I have a basic 'for' loop that shows the number of active customers each year. I can print the output, but I want the output to be a single table/dataframe (with 2 columns: year and # customers, each iteration of the loop creates 1 row in the table)
for yr in range(2018, 2023):
print (yr, df.filter(year(col('first_sale')) <= yr).count())
CodePudding user response:
was able to solve by creating a blank dataframe with desired schema outside the loop and using union, but still curious if there's a shorter solution?
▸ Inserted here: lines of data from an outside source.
(* Let $\ell = p_1^{d_1}\cdots p_r^{d_r}$ with distinct primes $p_i$ and $d_i \ge 1$, let $A = A_1\times\cdots\times A_r$ with $A_i$ elementary abelian of order $p_i^{d_i}$, so that $\mathrm{Aut}(A) = \mathrm{GL}(d_1,p_1)\times\cdots\times \mathrm{GL}(d_r,p_r)$, and let $U \leq \mathrm{Aut}(A)$. Put $\sigma_i(U) = U \cap \mathrm{GL}(d_i,p_i)$ and $O(U) = O_{p_1}(\sigma_1(U))\times\cdots\times O_{p_r}(\sigma_r(U))$. Then: (a) $O(U)$ is the largest normal subgroup of $U$ that centralizes a series through $A$; (b) $U$ is $F$-relevant if and only if $O(U) = \{1\}$.
   Context: $O_p(X)$ denotes the largest normal $p$-subgroup of a finite group $X$. A subgroup $N \le \mathrm{Aut}(A)$ centralizes a series through $A$ if there is an $N$-invariant series of subgroups $A = A_1' > A_2' > \cdots > A_{l+1}' = \{1\}$ such that $N$ induces the identity on every quotient $A_j'/A_{j+1}'$. A subgroup $U \le \mathrm{Aut}(A)$ is $F$-relevant if no non-trivial normal subgroup of $U$ centralizes a series through $A$. *)

From HB Require Import structures.
From mathcomp Require Import all_boot all_fingroup all_solvable.
Set Implicit Arguments. Unset Strict Implicit. Unset Printing Implicit Defensive.
Local Open Scope group_scope.

Section Defs.
Variable gT : finGroupType.
Implicit Types (A : {group gT}) (N U : {set {perm gT}}).

Definition centralizes_series A N : Prop :=
  exists s : seq {group gT},
    [/\ (last A s :=: 1),
        all (fun H : {group gT} => [acts N, on H | 'P]) (A :: s)
      & path (fun H K : {group gT} =>
                (K \proper H) &&
                [forall a in N, forall x in H, (x^-1 * a x) \in K]) A s].

Definition F_relevant A U : Prop :=
  forall N : {group {perm gT}}, N <| U -> centralizes_series A N -> N :=: 1.

(* sigma_p(U) = U ∩ GL(d_p, p): the elements of U acting trivially on all
   the other Sylow components, i.e. on the p'-part O_{p'}(A) of A. *)
Definition sigma A (p : nat) U : {set {perm gT}} := 'C_U('O_p^'(A) | 'P).

(* O(U) = O_{p_1}(sigma_1 U) x ... x O_{p_r}(sigma_r U), p_i ranging over the
   prime divisors of |A| (taken as the subgroup generated by the factors). *)
Definition OU A U : {set {perm gT}} :=
  << \bigcup_(p <- primes #|A|) 'O_p(sigma A p U) >>.
End Defs.

(* Maximality: along a series centralized by N, a pi-element of N fixes every
   stable pi'-subgroup (series_fixes_coprime), so it centralizes O_pi'(A).
   Hence for N <| U centralizing a series, the q-parts of elements of N lie in
   sigma_q(U), and N :&: sigma_q(U) is a q-group normal in sigma_q(U), thus
   contained in O_q(sigma_q(U)) (OU_max).
   Existence: the series is grown from 1 upwards (centralizes_series_from_steps).
   Given an O(U)-stable Z < A, choose p with O_p(A) not in Z; counting fixed
   points modulo p, the p-group O_p(sigma_p(U)) fixes a coset Z x with
   x in O_p(A) \ Z (pgroup_fixes_coset), and the other generators of O(U)
   centralize O_p(A).  So the elements of A fixed by O(U) modulo Z form a
   stable subgroup (cent_mod, as A is abelian) properly containing Z. *)

From HB Require Import structures.
From mathcomp Require Import all_boot all_fingroup all_solvable.
From mathcomp Require Import zify.

Set Implicit Arguments. Unset Strict Implicit. Unset Printing Implicit Defensive.
Local Open Scope group_scope.

Lemma acts_closed (aT : finGroupType) (sT : finType) (to : {action aT &-> sT})
    (G : {group aT}) (S : {set sT}) :
  (forall a x, a \in G -> x \in S -> to x a \in S) -> [acts G, on S | to].
Proof.
move=> clS; apply/subsetP => a Ga; rewrite !inE.
by apply/subsetP => x Sx; rewrite inE clS.
Qed.

Lemma bigcup_seq_subset (T : finType) (I : eqType) (r : seq I)
    (F : I -> {set T}) (X : {set T}) :
  (forall i, i \in r -> F i \subset X) -> \bigcup_(i <- r) F i \subset X.
Proof.
move=> sFX; rewrite big_seq; elim/big_ind: _ => [|S S' sSX sS'X|i /sFX //].
  exact: sub0set.
by rewrite subUset sSX.
Qed.

Section Generalities.
Variable gT : finGroupType.
Implicit Types (A G Z : {group gT}).

(* The pi-part of x is a power of x. *)
Lemma constt_in G (pi : nat_pred) x : x \in G -> x.`_pi \in G.
Proof.
move=> Gx; have sxG : <[x]> \subset G by rewrite cycle_subG.
exact: subsetP sxG _ (cycle_constt pi x).
Qed.

Lemma pgroup_of_elts (pi : nat_pred) G :
  {in G, forall x, pi.-elt x} -> pi.-group G.
Proof.
move=> piG; apply/pgroupP => q q_pr q_dvd.
have [x Gx ox] := Cauchy q_pr q_dvd.
by have := piG x Gx; rewrite /p_elt ox pnatE.
Qed.

(* A subgroup Z that does not contain the nilpotent group A misses a Sylow
   subgroup O_p(A), since each element of A is the product of its p-parts. *)
Lemma nilpotent_pcore_not_sub A Z : nilpotent A -> ~~ (A \subset Z) ->
  exists2 p, p \in primes #|A| & ~~ ('O_p(A) \subset Z).
Proof.
move=> nilA /subsetPn[x Ax not_Zx].
have /allPn[p _ not_Zxp] :
    ~~ all (fun p : nat => x.`_p \in Z) (index_iota 0 #[x].+1).
  by apply: contra not_Zx => /allP Zx; rewrite -(prod_constt x) big_seq group_prod.
have Op_xp : x.`_p \in 'O_p(A).
  rewrite (mem_normal_Hall (nilpotent_pcore_Hall p nilA) (pcore_normal _ _)).
    exact: p_elt_constt.
  exact: constt_in.
have not_sOZ : ~~ ('O_p(A) \subset Z) by apply: contra not_Zxp => /subsetP; apply.
exists p => //; have ntO : 'O_p(A) != 1 by apply: contra not_sOZ => /eqP->; apply: sub1G.
have [p_pr p_dvd _] := pgroup_pdiv (pcore_pgroup p A) ntO.
by rewrite mem_primes p_pr cardG_gt0 (dvdn_trans p_dvd) ?cardSg ?pcore_sub.
Qed.

End Generalities.

Section Automorphisms.
Variable gT : finGroupType.
Implicit Types (A H W : {group gT}) (N : {group {perm gT}}) (a : {perm gT}).

Lemma AutM A a : a \in Aut A -> {in A &, {morph a : x y / x * y}}.
Proof. by move/Aut_morphic/morphicP. Qed.

Lemma Aut1g A a : a \in Aut A -> a 1 = 1.
Proof. by move=> Aa; rewrite -(autmE Aa) morph1. Qed.

Lemma AutV A a x : a \in Aut A -> x \in A -> a x^-1 = (a x)^-1.
Proof. by move=> Aa Ax; rewrite -(autmE Aa) morphV. Qed.

Lemma AutX A a x n : a \in Aut A -> x \in A -> a (x ^+ n) = a x ^+ n.
Proof. by move=> Aa Ax; rewrite -(autmE Aa) morphX. Qed.

Lemma Aut_astab_trivial A a : a \in Aut A -> a \in 'C(A | 'P) -> a = 1.
Proof.
move=> Aa /astabP fixA; apply: (eq_Aut Aa (group1 _)) => x Ax.
by rewrite perm1 [LHS]fixA.
Qed.

(* An automorphism of a nilpotent group A fixing both O_pi(A) and O_pi'(A)
   pointwise is trivial, as A = O_pi(A) * O_pi'(A). *)
Lemma Aut_pcores_trivial A (pi : nat_pred) a : nilpotent A -> a \in Aut A ->
  a \in 'C('O_pi(A) | 'P) -> a \in 'C('O_pi^'(A) | 'P) -> a = 1.
Proof.
move=> nilA Aa /astabP fix1 /astabP fix2; apply: (Aut_astab_trivial Aa).
apply/astabP => x; rewrite -(dprodW (nilpotent_pcoreC pi nilA)).
case/mulsgP=> x1 x2 Ox1 Ox2 ->; change (a (x1 * x2) = x1 * x2).
have [Ax1 Ax2] := (subsetP (pcore_sub pi A) x1 Ox1, subsetP (pcore_sub pi^' A) x2 Ox2).
by rewrite (AutM Aa Ax1 Ax2); congr (_ * _); [apply: fix1 | apply: fix2].
Qed.

Lemma Aut_acts_char A H N : N \subset Aut A -> H \char A -> [acts N, on H | 'P].
Proof.
move=> sNA /charP[sHA charH]; apply: acts_closed => a x Na Hx.
have Aa := subsetP sNA a Na; change (a x \in H).
rewrite -(charH _ (injm_autm Aa) (im_autm Aa)) -{1}(autmE Aa).
by rewrite mem_morphim // (subsetP sHA x Hx).
Qed.

Lemma Aut_rcoset A W a x : a \in Aut A -> W \subset A -> a \in 'N(W | 'P) ->
  x \in A -> 'P^*%act (W :* x) a = W :* a x.
Proof.
move=> Aa sWA nWa Ax; apply/eqP.
rewrite /= setactE eqEcard (card_imset _ (act_inj _ _)) !card_rcoset leqnn andbT.
apply/subsetP => _ /imsetP[_ /rcosetP[w Ww ->] ->].
change (a (w * x) \in W :* a x); rewrite (AutM Aa (subsetP sWA w Ww) Ax).
apply/rcosetP; exists (a w) => //.
by rewrite -apermE astabs_act.
Qed.

Lemma Aut_astab_rcoset A W a x : a \in Aut A -> W \subset A -> a \in 'N(W | 'P) ->
  x \in A -> (a \in 'C[W :* x | 'P^*]) = (a x \in W :* x).
Proof.
move=> Aa sWA nWa Ax; apply/astab1P/idP; rewrite (Aut_rcoset Aa sWA nWa Ax).
  by move=> <-; apply: rcoset_refl.
by move/rcoset_eqP.
Qed.

End Automorphisms.

Section Series.
Variables (gT : finGroupType) (N : {group {perm gT}}).
Implicit Types (A B H K Z : {group gT}).

Definition series_step H K : bool :=
  (K \proper H) && [forall a in N, forall x in H, (x^-1 * a x) \in K].

(* If x is in B and H, then
   y = x^-1 (b x) lies lower in the series, so b y = y by induction, whence
   b^k x = x y^k; for k = #[b] this forces the pi'-element y to have pi-order. *)
Lemma series_fixes_coprime A B (pi : nat_pred) b s H :
  N \subset Aut A -> b \in N -> pi.-elt b -> pi^'.-group B -> B \subset A ->
  b \in 'N(B | 'P) -> last H s :=: 1 -> path series_step H s ->
  {in B :&: H, forall x, b x = x}.
Proof.
move=> sNA Nb pi_b pi'B sBA nBb; have Ab := subsetP sNA b Nb.
elim: s H => [|K s IHs] H /= => [-> _ x /setIP[_ /set1P ->]|lastK].
  exact: Aut1g Ab.
case/andP=> /andP[_ /forall_inP/(_ b Nb)/forall_inP stepK] pathK x /setIP[Bx Hx].
have Ax := subsetP sBA x Bx.
have bBx : b x \in B by rewrite -apermE astabs_act.
have [y [By Ky bx]] : exists y, [/\ y \in B, y \in K & b x = x * y].
  by exists (x^-1 * b x); rewrite groupM ?groupV ?stepK ?mulKVg.
have Ay := subsetP sBA y By.
have byy : b y = y by apply: (IHs K lastK pathK); rewrite inE By Ky.
have bkx (k : nat) : (b ^+ k) x = x * y ^+ k.
  elim: k => [|k IHk]; first by rewrite !expg0 perm1 mulg1.
  by rewrite expgSr permM IHk (AutM Ab) ?groupX // (AutX k Ab Ay) byy bx expgS mulgA.
have /eqP : y ^+ #[b] = 1 by apply: (mulgI x); rewrite -bkx expg_order perm1 mulg1.
rewrite -order_dvdn => /pnat_dvd/(_ pi_b) pi_y.
suff /eqP: #[y] = 1%N by rewrite order_eq1 bx => /eqP->; rewrite mulg1.
exact: pnat_1 pi_y (mem_p_elt pi'B By).
Qed.
(* Let $M\in\mathbb R^{\mathbb N\times\mathbb N}$ be bounded on $\ell_2$ and elliptic (there is $C_{\rm ell}>0$ with $Mx\cdot x\ge C_{\rm ell}\|x\|_{\ell_2}^2$ for all $x$). Let $n_1=1<n_2<\cdots$ be a block structure and let $M$ be block-banded: $M(i,j)=0$ for $|i-j|>b_0$, some $b_0\in\mathbb N$. Then the block-$LU$-factorization $M=LU$ with $L$ block-lower triangular, $U$ block-upper triangular and $L(i,i)=I$ for all $i$ exists, $L$ and $U$ are block-banded with bandwidth $b_0$, and \[\|L\|_2+\|U\|_2+\|L^{-1}\|_2+\|U^{-1}\|_2<\infty.\] Moreover, the block-diagonal matrix $D$ with $D(i,i):=U(i,i)$ is bounded and elliptic, with bounded and elliptic inverse.
   Context: $\|\cdot\|_2$ is the operator norm on $\ell_2$. Block notation: $M(i,j)=M|_{\{n_i,\dots,n_{i+1}-1\}\times\{n_j,\dots,n_{j+1}-1\}}$. Block-lower (upper) triangular means $M(i,j)=0$ for $i<j$ ($i>j$); block-banded with bandwidth $b$ means $M(i,j)=0$ for $|i-j|>b$. *)

(* Infinite matrices are functions
   nat -> nat -> R (0-based indices). *)
From HB Require Import structures.
From mathcomp Require Import all_boot all_order all_algebra.
From mathcomp Require Import all_classical all_reals all_analysis.
Set Implicit Arguments. Unset Strict Implicit. Unset Printing Implicit Defensive.
Import Order.TTheory GRing.Theory Num.Theory.
Import numFieldNormedType.Exports.
Local Open Scope classical_set_scope.
Local Open Scope ring_scope.

Section Defs.
Variable R : realType.
Implicit Types (A B C : nat -> nat -> R) (n : nat -> nat).

(* A defines a bounded operator on l2: all finite sections are uniformly
   bounded (C plays the role of ||A||_2^2). *)
Definition bounded_mx A := exists C : R, forall (N m : nat) (x : nat -> R),
  \sum_(i < m) (\sum_(j < N) A i j * x j) ^+ 2 <= C * \sum_(j < N) x j ^+ 2.

(* Ax . x >= c ||x||^2 (tested on finitely supported x, dense in l2). *)
Definition elliptic_mx A := exists c : R, 0 < c /\ forall (N : nat) (x : nat -> R),
  c * \sum_(i < N) x i ^+ 2 <= \sum_(i < N) \sum_(j < N) x i * A i j * x j.

(* block structure n_1 = 1 < n_2 < ... , shifted to 0-based: n 0 = 0 *)
Definition block_structure n := n 0 = 0%N /\ forall i, (n i < n i.+1)%N.
Definition in_block n (i r : nat) := (n i <= r < n i.+1)%N.

Definition block_lower n A := forall i j r c,
  in_block n i r -> in_block n j c -> (i < j)%N -> A r c = 0.
Definition block_upper n A := forall i j r c,
  in_block n i r -> in_block n j c -> (j < i)%N -> A r c = 0.
Definition block_banded n (b : nat) A := forall i j r c,
  in_block n i r -> in_block n j c -> ((b < i - j) || (b < j - i))%N -> A r c = 0.
Definition unit_diag_blocks n A := forall i r c,
  in_block n i r -> in_block n i c -> A r c = (r == c)%:R.
Definition block_diag_part n (U D : nat -> nat -> R) := forall i j r c,
  in_block n i r -> in_block n j c -> D r c = (if i == j then U r c else 0).

Definition idmx : nat -> nat -> R := fun r c => (r == c)%:R.
Definition mx_prod_is A B C := forall i k,
  ((fun N : nat => \sum_(j < N) A i j * B j k) @ \oo --> C i k).
Definition inverse_mx A B := mx_prod_is A B idmx /\ mx_prod_is B A idmx.
End Defs.
(* Let $\{c_k\}_{k\ge1}$ be i.i.d. random variables whose common distribution is absolutely continuous on $[0,1]$ with almost everywhere positive and uniformly bounded density, let $\lambda>0$ and $l_k=e^{-\lambda k}$, and let $q(n)=\lfloor\log_2(\log n)\rfloor$. Then almost surely the following holds: for every $\varepsilon>0$ there exists $\delta>0$ such that for all sufficiently large $n$ and all $n',n''\in\{n,2n,\dots,2^{q(n)}n\}$, $$\frac{1}{\#(\mathcal{A}_{n'}\times\mathcal{A}_{n''})}\sum_{\substack{i\in\mathcal{A}_{n'},\,j\in\mathcal{A}_{n''}\\ i\ne j,\ |c_i-c_j|<\delta}}(-\log|c_i-c_j|)<\varepsilon.$$
   Context: $\mathcal{A}_n=\{n,\dots,2n-1\}$. *)

From HB Require Import structures.
From mathcomp Require Import all_boot all_order all_algebra.
From mathcomp Require Import all_classical all_reals all_analysis.
Set Implicit Arguments. Unset Strict Implicit. Unset Printing Implicit Defensive.
Import Order.TTheory GRing.Theory Num.Theory.
Local Open Scope classical_set_scope.
Local Open Scope ring_scope.

Definition mutually_independent {d} {T : measurableType d} {R : realType}
  (P : probability T R) (I : set nat) (c : nat -> T -> R) : Prop :=
  forall (s : seq nat) (A : nat -> set R),
    uniq s -> {subset s <= I} -> (forall i, measurable (A i)) ->
    P (\bigcap_(i in [set` s]) (c i @^-1` A i)) =
    (\big[*%E/1%E]_(i <- s) P (c i @^-1` A i))%E.

Definition qlog {R : realType} (n : nat) : int :=
  Num.floor (ln (ln (n%:R : R)) / ln (2 : R)).

From HB Require Import structures.
From mathcomp Require Import all_boot all_order all_algebra.
From mathcomp Require Import all_classical all_reals all_analysis.
From mathcomp Require Import ring lra zify.
Import Order.TTheory GRing.Theory Num.Theory.
Local Open Scope classical_set_scope.
Local Open Scope ring_scope.

(* Cut the indices into dyadic blocks [2^p, 2^(p+1)) and call the scale p bad if
   some window of length 3 2^-m (m < 3p + 7) contains many more of the values c_k,
   2^p <= k < 2^(p+2), than the O(M 2^(p-m)) allowed by the density bound M, or if two of
   c_1, ..., c_(2^p) are closer than 2^(-3p).  Independence and a binomial tail bound
   make scale p bad with probability O(2^-p), so by Borel-Cantelli almost surely only
   finitely many scales are bad.  At a good scale and for delta = 2^-K, the separation
   gives -ln |c_i - c_j| <= sum_(K <= m < 3p + 6) (m + 1) ln 2 [|c_i - c_j| < 2^-m], and
   the window counts bound the number of pairs at level m by n n' (M 2^-m + p 2^-p);
   summing over m leaves O(M K^3 2^-K + p^3 2^-p), small once K and p are large. *)

Section measure_big_setU.
Context {d} {T : measurableType d} {R : realType} (mu : {measure set T -> \bar R}).

Lemma measure_big_setU_le (b : R) {I : eqType} {s : seq I} {F : I -> set T} :
  (forall i, measurable (F i)) -> (forall i, i \in s -> (mu (F i) <= b%:E)%E) ->
  (mu (\big[setU/set0]_(i <- s) F i) <= ((size s)%:R * b)%:E)%E.
Proof.
move=> mF; elim: s => [|x s IH] Fb; first by rewrite big_nil measure0 mul0r.
rewrite big_cons /= -nat1r mulrDl mul1r EFinD.
apply: le_trans (measureU2 _ _ _) _ => //; first exact: bigsetU_measurable.
apply: leeD; first by apply: Fb; rewrite mem_head.
by apply: IH => i si; apply: Fb; rewrite inE si orbT.
Qed.

End measure_big_setU.

Lemma prode_le_expr {R : realType} {I : eqType} (s : seq I) (x : I -> \bar R) (b : R) :
  (forall i, i \in s -> (0 <= x i <= b%:E)%E) ->
  (\big[*%E/1%E]_(i <- s) x i <= (b ^+ size s)%:E)%E.
Proof.
elim: s => [|y s IH] xb; first by rewrite big_nil expr0.
have xb' i : i \in s -> (0 <= x i <= b%:E)%E by move=> si; apply: xb; rewrite inE si orbT.
have /andP[x0 xyb] := xb y (mem_head _ _).
rewrite big_cons /= exprS EFinM; apply: lee_pmul => //; last exact: IH.
by rewrite big_seq; apply: prode_ge0 => i /xb' /andP[].
Qed.

Definition at_least_in {d} {T : measurableType d} {R : realType} (c : nat -> T -> R)
    {L} (g : 'I_L -> nat) (r : nat) (A : set R) : set T :=
  \big[setU/set0]_(S <- enum [set S : {set 'I_L} | #|S| == r]%SET)
     \bigcap_(i in [set` map g (enum S)]) c i @^-1` A.

Section at_least_in.
Context {d} {T : measurableType d} {R : realType} {P : probability T R}.
Context {I : set nat} {c : nat -> T -> R}.
Hypothesis c_meas : forall k, I k -> measurable_fun setT (c k).
Hypothesis c_indep : mutually_independent P I c.

Lemma preimage_measurable k A : I k -> measurable A -> measurable (c k @^-1` A).
Proof. by move=> Ik mA; rewrite -[_ @^-1` _]setTI; exact: c_meas. Qed.

Lemma bigcap_preimage_measurable (s : seq nat) A : {subset s <= I} -> measurable A ->
  measurable (\bigcap_(i in [set` s]) c i @^-1` A).
Proof.
move=> sI mA; rewrite bigcap_seq big_seq.
apply: (big_ind (fun B => measurable B)) => //; first exact: measurableI.
by move=> k /sI /set_mem Ik; exact: preimage_measurable.
Qed.

Lemma at_least_in_measurable {L} (g : 'I_L -> nat) r A :
  (forall k, I (g k)) -> measurable A -> measurable (at_least_in c g r A).
Proof.
move=> gI mA; apply: bigsetU_measurable => S _.
by apply: bigcap_preimage_measurable => // _ /mapP[k _ ->]; exact: mem_set.
Qed.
from pyspark.sql.types import StructType,StructField, StringType, IntegerType
schema = StructType([StructField("year", IntegerType(), True), StructField("customer_count", IntegerType(), True)])
df2 = spark.createDataFrame([],schema=schema)
for yr in range(2018, 2023):
c1 = yr
c2 = df.filter((year(col('first_sale')) <= yr)).count()
newRow= spark.createDataFrame([(c1,c2)], schema)
df2 = df2.union(newRow)
display(df2)
CodePudding user response:
I don't have your data, so I can't test if this works, but how about something like this:
year_col = year(col('first_sale')).alias('year')
grp = df.groupby(year_col).count().toPandas().sort_values('year').reset_index(drop=True)
grp['cumsum'] = grp['count'].cumsum()
The view grp[['year', 'cumsum']]
should be the same as your for-loop.